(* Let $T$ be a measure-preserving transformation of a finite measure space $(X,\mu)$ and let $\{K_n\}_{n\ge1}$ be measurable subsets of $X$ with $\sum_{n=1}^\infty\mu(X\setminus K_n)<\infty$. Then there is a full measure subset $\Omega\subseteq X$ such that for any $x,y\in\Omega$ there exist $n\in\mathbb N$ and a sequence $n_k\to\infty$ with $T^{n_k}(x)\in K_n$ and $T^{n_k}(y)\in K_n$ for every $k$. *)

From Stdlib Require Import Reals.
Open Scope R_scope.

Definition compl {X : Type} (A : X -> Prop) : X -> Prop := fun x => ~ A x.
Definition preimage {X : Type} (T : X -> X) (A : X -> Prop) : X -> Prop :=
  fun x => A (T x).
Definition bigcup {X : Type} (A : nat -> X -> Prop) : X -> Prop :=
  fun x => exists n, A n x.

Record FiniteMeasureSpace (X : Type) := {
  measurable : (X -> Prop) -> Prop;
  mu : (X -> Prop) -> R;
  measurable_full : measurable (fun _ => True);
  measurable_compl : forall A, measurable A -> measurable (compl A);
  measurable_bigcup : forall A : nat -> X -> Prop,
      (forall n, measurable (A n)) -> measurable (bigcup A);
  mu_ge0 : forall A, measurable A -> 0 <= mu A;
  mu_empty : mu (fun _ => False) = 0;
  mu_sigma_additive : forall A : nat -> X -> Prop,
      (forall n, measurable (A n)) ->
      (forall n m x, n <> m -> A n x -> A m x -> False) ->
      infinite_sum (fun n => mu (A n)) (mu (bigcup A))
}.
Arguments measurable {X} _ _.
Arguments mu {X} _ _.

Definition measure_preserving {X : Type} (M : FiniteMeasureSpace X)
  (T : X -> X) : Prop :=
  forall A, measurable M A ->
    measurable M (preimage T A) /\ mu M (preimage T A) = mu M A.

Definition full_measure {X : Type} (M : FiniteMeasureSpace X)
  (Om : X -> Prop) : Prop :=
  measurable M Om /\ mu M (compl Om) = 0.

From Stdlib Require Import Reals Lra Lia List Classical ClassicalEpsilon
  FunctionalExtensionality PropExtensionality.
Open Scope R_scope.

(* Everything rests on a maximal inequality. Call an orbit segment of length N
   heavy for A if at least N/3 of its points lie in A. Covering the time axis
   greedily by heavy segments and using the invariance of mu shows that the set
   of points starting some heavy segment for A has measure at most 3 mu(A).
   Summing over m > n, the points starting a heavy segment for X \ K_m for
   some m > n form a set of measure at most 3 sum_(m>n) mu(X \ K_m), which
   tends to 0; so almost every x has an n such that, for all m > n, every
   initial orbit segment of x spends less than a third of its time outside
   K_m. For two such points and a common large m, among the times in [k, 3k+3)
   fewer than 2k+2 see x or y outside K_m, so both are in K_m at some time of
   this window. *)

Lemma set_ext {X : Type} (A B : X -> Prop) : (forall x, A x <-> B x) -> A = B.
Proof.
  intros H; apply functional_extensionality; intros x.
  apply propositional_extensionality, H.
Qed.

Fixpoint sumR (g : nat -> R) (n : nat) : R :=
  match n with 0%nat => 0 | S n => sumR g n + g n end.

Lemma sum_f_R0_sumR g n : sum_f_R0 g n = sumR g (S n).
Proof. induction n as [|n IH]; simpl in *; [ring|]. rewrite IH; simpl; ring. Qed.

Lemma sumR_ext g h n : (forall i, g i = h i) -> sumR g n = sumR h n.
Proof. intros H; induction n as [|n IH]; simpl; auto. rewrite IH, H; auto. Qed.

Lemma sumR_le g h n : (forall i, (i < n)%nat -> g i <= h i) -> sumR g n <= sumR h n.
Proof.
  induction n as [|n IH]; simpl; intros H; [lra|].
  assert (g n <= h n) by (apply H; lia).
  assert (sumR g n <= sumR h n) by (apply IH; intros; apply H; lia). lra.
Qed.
○ ○ ○ ○
### [PROMPT]
Look for the word "sumR" in the data, then return every line that contains it.

### [EXERCISE ANSWER]
Fixpoint sumR (g : nat -> R) (n : nat) : R :=
  match n with 0%nat => 0 | S n => sumR g n + g n end.
Lemma sum_f_R0_sumR g n : sum_f_R0 g n = sumR g (S n).
Lemma sumR_ext g h n : (forall i, g i = h i) -> sumR g n = sumR h n.
Lemma sumR_le g h n : (forall i, (i < n)%nat -> g i <= h i) -> sumR g n <= sumR h n.
  assert (sumR g n <= sumR h n) by (apply IH; intros; apply H; lia). lra.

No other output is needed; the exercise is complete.